Rationale and Objectives
It remains difficult to predict longitudinal outcomes in long-COVID, even with chest CT and functional MRI. 129Xe MRI reflects airway dysfunction, measured using ventilation defect percent (VDP) and in long-COVID patients, MRI VDP was abnormal, suggestive of airways disease. While MRI VDP and quality-of-life improved 15-month post-COVID infection, both remained abnormal. To better understand the relationship of airways disease and quality-of-life improvements in patients with long-COVID, we extracted 129Xe ventilation MRI textures and generated machine-learning models in an effort to predict improved quality-of-life, 15-month post-infection.
Materials and Methods
Long-COVID patients provided written-informed consent to 3-month and 15-month post-infection visits. Pyradiomics was used to extract 129Xe ventilation MRI texture features, which were ranked using a Random-Forest classifier. Top-ranking features were used in classification models to dichotomize patients based on St. George’s Respiratory Questionnaire (SGRQ) score improvement greater than the minimal-clinically-important-difference (MCID). Classification performance was evaluated using the area under the receiver-operator-characteristic-curve (AUC), sensitivity, and specificity.
Results
120 texture features were extracted from 129Xe ventilation MRI in 44 long-COVID participants (54 ± 14 years), including 30 (52 ± 12 years) with ΔSGRQ ≥ MCID and 14 (58 ± 18 years) with ΔSGRQ < MCID. An MRI-texture model (AUC = 0.89) outperformed a clinical-measurement model (AUC = 0.72) for predicting improved SGRQ, 12 months later.
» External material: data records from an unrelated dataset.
(* Let $q$ be a fixed positive integer, let $n$ be divisible by $q$, let $\varepsilon=\varepsilon(n)$, and let $S$ be a set of ordered $q$-tuples of distinct elements of $[n]$ with $\varepsilon^2|S|^2/n^{2q-1}\gg\log n$. Let $\sigma$ be a uniformly random permutation of $[n]$ and let $N=|S\cap V(D_\sigma)|$, where $V(D_\sigma)=\{(\sigma((i-1)q+1),\dots,\sigma(iq)):i=1,\dots,n/q\}$. Then quite surely $N=(1\pm\varepsilon)\frac{|S|}{qn^{q-1}}$.
   Context: $a_n\gg b_n$ means $a_n/b_n\to\infty$ as $n\to\infty$; $x=(1\pm a)y$ means $(1-a)y\le x\le(1+a)y$. An event sequence $\mathcal E_n$ holds quite surely if $\Pr(\mathcal E_n)=1-O(n^{-K})$ for every positive constant $K$. *)

From HB Require Import structures.
From mathcomp Require Import all_boot all_order all_algebra all_fingroup.
From mathcomp Require Import all_classical all_reals all_analysis.
From mathcomp Require Import zify.
Set Implicit Arguments. Unset Strict Implicit. Unset Printing Implicit Defensive.
Import Order.TTheory GRing.Theory Num.Theory.

(* Positions use 0-indexing: [n] = 'I_n with n = q * m.  Block i (i < m)
   consists of positions i*q, ..., i*q + q - 1, i.e. the paper's
   (i-1)q+1, ..., iq shifted by one. *)
Lemma blk_lt (q m : nat) (i : 'I_m) (j : 'I_q) : i * q + j < q * m.
Proof.
have := ltn_ord i; have := ltn_ord j => hj hi.
have h2 : i.+1 * q <= m * q by rewrite leq_mul2r hi orbT.
rewrite mulnC; rewrite mulSn in h2; lia.
Qed.

Definition block (q m : nat) (s : {perm 'I_(q * m)}) (i : 'I_m)
  : q.-tuple 'I_(q * m) :=
  [tuple s (Ordinal (blk_lt i j)) | j < q].

Definition VD (q m : nat) (s : {perm 'I_(q * m)}) : {set q.-tuple 'I_(q * m)} :=
  [set block s i | i : 'I_m].

Definition Ncount (q m : nat) (S : {set q.-tuple 'I_(q * m)})
  (s : {perm 'I_(q * m)}) : nat := #|S :&: VD s|.

Definition prob_perm (R : realType) (n : nat) (E : pred {perm 'I_n}) : R :=
  (#|[set s | E s]|%:R / #|{perm 'I_n}|%:R)%R.

(* Let n = q m.  The values of a uniform random permutation, read in order, form a
   uniform random arrangement s of [n], and N = F s counts the m consecutive blocks of
   length q of s that lie in S.  Averaging over the arrangements containing a fixed
   q-tuple at a fixed block gives E F = m |S| / n^_q = (1 + O(q^2/n)) |S| / (q n^(q-1)).
   Transposing two values of s changes F by at most 2, so revealing s one entry at a
   time (a Doob martingale) and applying Hoeffding's lemma to each step gives
   E exp(lam (F - E F)) <= exp(8 lam^2 n), hence the Chernoff bound
   P(|F - E F| >= t) <= 2 exp(-t^2 / (32 n)).  For t = eps |S| / (2 q n^(q-1)) the
   exponent is eps^2 |S|^2 / (128 q^2 n^(2q-1)), which exceeds K ln n as soon as the
   ratio in the growth hypothesis exceeds 128 q^2 K. *)

From HB Require Import structures.
From mathcomp Require Import all_boot all_order all_algebra all_fingroup.
From mathcomp Require Import all_classical all_reals all_analysis.
From mathcomp Require Import zify ring lra.
Import Order.TTheory GRing.Theory Num.Theory.
Import numFieldNormedType.Exports.
Set Implicit Arguments. Unset Strict Implicit. Unset Printing Implicit Defensive.
Local Open Scope ring_scope.

Fixpoint arrangements (T : eqType) (k : nat) (U : seq T) : seq (seq T) :=
  if k is k'.+1 then [seq x :: t | x <- U, t <- arrangements k' (rem x U)]
  else [:: [::]].

Section Arrangements.
Variable T : eqType.
Implicit Types U t : seq T.

Lemma size_arrangements k U : size (arrangements k U) = (size U ^_ k)%N.
Proof.
elim: k U => [|k IH] U /=; first by rewrite ffactn0.
rewrite size_allpairs_dep ffactnS.
have -> : sumn [seq size (arrangements k (rem x U)) | x <- U]
          = sumn [seq ((size U).-1 ^_ k)%N | _ <- U].
  by congr sumn; apply/eq_in_map => x xU; rewrite IH size_rem.
rewrite mulnC; move: ((size U).-1 ^_ k)%N => c.
by elim: U {IH} => [|x U /= ->]; rewrite ?muln0 ?mulnS.
Qed.

Lemma size_mem_arrangements k U t : t \in arrangements k U -> size t = k.
Proof.
elim: k U t => [|k IH] U t /=; first by rewrite inE => /eqP ->.
by case/allpairsPdep => x [t' [_ /IH ht' ->]] /=; rewrite ht'.
Qed.

Lemma mem_arrangements k U t : uniq U ->
  (t \in arrangements k U) = [&& size t == k, uniq t & all (mem U) t].
Proof.
elim: k U t => [|k IH] U t uU /=; first by rewrite inE; case: t.
have remU x z : (z \in rem x U) = (z != x) && (z \in U) by rewrite mem_rem_uniq.
apply/allpairsPdep/idP => [[x [t' [xU ht' ->]]]|].
  move: ht'; rewrite IH ?rem_uniq // => /and3P [/eqP st' ut' /allP at'] /=.
  rewrite st' eqxx ut' xU /= andbT; apply/andP; split.
    by apply/negP => /at'; rewrite /= remU eqxx.
  by apply/allP => z /at'; rewrite /= remU => /andP [].
case: t => [|x t'] //= /and3P [/eqP [st'] /andP [xt' ut'] /andP [xU /allP at']].
exists x, t'; split => //; rewrite IH ?rem_uniq // st' eqxx ut' /=.
apply/allP => z zt'; rewrite /= remU; apply/andP; split; last exact: at'.
by apply: contraNneq xt' => <-.
Qed.

Lemma arrangements_uniq k U : uniq U -> uniq (arrangements k U).
Proof.
elim: k U => [|k IH] U uU //=.
apply: allpairs_uniq_dep => //; first by move=> x _; apply/IH/rem_uniq.
by move=> [x1 t1] [x2 t2] _ _ /= [-> ->].
Qed.

Section BigArrangements.
Variable R : nmodType.
Implicit Type H : seq T -> R.

Lemma big_arrangementsS k U H :
  \sum_(s <- arrangements k.+1 U) H s
  = \sum_(x <- U) \sum_(t <- arrangements k (rem x U)) H (x :: t).
Proof. by rewrite /= big_allpairs_dep. Qed.

Lemma big_arrangements_map (f : T -> T) k U H : injective f ->
  \sum_(s <- arrangements k (map f U)) H s
  = \sum_(s <- arrangements k U) H (map f s).
Proof.
move=> f_inj; elim: k U H => [|k IH] U H /=; first by rewrite !big_seq1.
rewrite !big_allpairs_dep big_map; apply: eq_bigr => x _.
have -> : rem (f x) (map f U) = map f (rem x U).
  elim: U {IH} => //= y U ->; rewrite (inj_eq f_inj).
  by case: eqP.
exact: (IH _ (fun t => H (f x :: t))).
Qed.

Lemma perm_big_arrangements k U V H : uniq U -> perm_eq U V ->
  \sum_(s <- arrangements k U) H s = \sum_(s <- arrangements k V) H s.
Proof.
move=> uU pUV; have uV : uniq V by rewrite -(perm_uniq pUV).
apply/perm_big/uniq_perm; rewrite ?arrangements_uniq // => t.
rewrite !mem_arrangements //; congr [&& _, _ & _].
by apply: eq_all => z /=; rewrite (perm_mem pUV).
Qed.

Definition rems (b U : seq T) : seq T := foldl (fun V x => rem x V) U b.

Lemma big_arrangements_cat k r U H :
  \sum_(s <- arrangements (k + r) U) H s
  = \sum_(b <- arrangements k U) \sum_(s <- arrangements r (rems b U)) H (b ++ s).
Proof.
elim: k U H => [|k IH] U H; first by rewrite /= big_seq1.
rewrite addSn !big_arrangementsS; apply: eq_bigr => x _.
exact: (IH _ (fun s => H (x :: s))).
Qed.

Lemma size_rems k U b : b \in arrangements k U -> size (rems b U) = (size U - k)%N.
Proof.
elim: k U b => [|k IH] U b /=; first by rewrite inE subn0 => /eqP ->.
case/allpairsPdep => x [t [xU /IH ht ->]] /=.
by rewrite ht size_rem // subnS -subn1 subnAC subn1.
Qed.

Lemma big_arrangements_take k r U H :
  \sum_(s <- arrangements (k + r) U) H (take k s)
  = \sum_(b <- arrangements k U) H b *+ (size U - k) ^_ r.
Proof.
rewrite big_arrangements_cat; apply: eq_big_seq => b b_arr.
have /size_mem_arrangements b_size := b_arr.
rewrite (eq_bigr (fun=> H b)) => [|s _]; last by rewrite takel_cat -b_size ?take_size.
by rewrite big_const_seq iter_addr_0 count_predT size_arrangements (size_rems b_arr).
Qed.

Lemma big_arrangements_rot k U H j : uniq U ->
  \sum_(s <- arrangements k U) H (rot j s) = \sum_(s <- arrangements k U) H s.
Proof.
move=> uU; rewrite -(big_map (rot j) xpredT H); apply/perm_big/uniq_perm.
- by rewrite (map_inj_uniq (@rot_inj j _)) arrangements_uniq.
- exact: arrangements_uniq.
have mem_rot_arr s : (rot j s \in arrangements k U) = (s \in arrangements k U).
  by rewrite !mem_arrangements // size_rot rot_uniq (eq_all_r (mem_rot j s)).
move=> s; apply/mapP/idP => [[s' hs' ->]|hs]; first by rewrite mem_rot_arr.
by exists (rotr j s); rewrite ?rotrK // -mem_rot_arr rotrK.
Qed.

End BigArrangements.
End Arrangements.

Lemma big_arrangements_rem_tperm (T : finType) (R : nmodType) k (U : seq T)
    (H : seq T -> R) x y :
  uniq U -> x \in U -> y \in U ->
  \sum_(s <- arrangements k (rem y U)) H s
  = \sum_(s <- arrangements k (rem x U)) H (map (tperm x y) s).
Proof.
move=> uU xU yU; rewrite -big_arrangements_map; last exact: perm_inj.
have remU z w : (z \in rem w U) = (z != w) && (z \in U) by rewrite mem_rem_uniq.
symmetry; apply: perm_big_arrangements.
  by rewrite map_inj_uniq ?rem_uniq //; apply: perm_inj.
apply: uniq_perm; rewrite ?map_inj_uniq ?rem_uniq //; try apply: perm_inj.
move=> z; rewrite -{1}(tpermK x y z) (mem_map (@perm_inj _ (tperm x y))) !remU.
case: (tpermP x y z) => [->|->|/eqP zx /eqP zy]; rewrite ?xU ?yU ?eqxx //=.
- by rewrite eq_sym.
- by rewrite zx zy.
Qed.

Definition mean (R : numFieldType) (A : Type) (xs : seq A) (f : A -> R) : R :=
  (\sum_(x <- xs) f x) / (size xs)%:R.

Section Mean.
Variables (R : numFieldType) (A : eqType).
Implicit Types (xs : seq A) (f g : A -> R) (a c : R).

Lemma meanD xs f g : mean xs (fun x => f x + g x) = mean xs f + mean xs g.
Proof. by rewrite /mean big_split mulrDl. Qed.

Lemma meanB xs f g : mean xs (fun x => f x - g x) = mean xs f - mean xs g.
Proof. by rewrite /mean sumrB mulrBl. Qed.

Lemma meanZ xs a f : mean xs (fun x => a * f x) = a * mean xs f.
Proof. by rewrite /mean -mulr_sumr mulrA. Qed.

Lemma mean_cst xs a : (0 < size xs)%N -> mean xs (fun=> a) = a.
Proof.
move=> xs_gt0; rewrite /mean big_const_seq iter_addr_0 count_predT -[a *+ _]mulr_natr.
by rewrite mulfK // pnatr_eq0 -lt0n.
Qed.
Top-performing textures correlated with MRI VDP (P < .05), central-airways resistance (P < .05), forced-vital-capacity (ρ = .37, P = .01) and diffusing-capacity for carbon-monoxide (ρ = .39, P = .03).
Conclusion
A machine learning model exclusively trained on 129Xe MRI ventilation textures explained improved SGRQ-scores 12 months later, and outperformed clinical models. Their unique spatial-intensity information helps build our understanding about long-COVID airway dysfunction.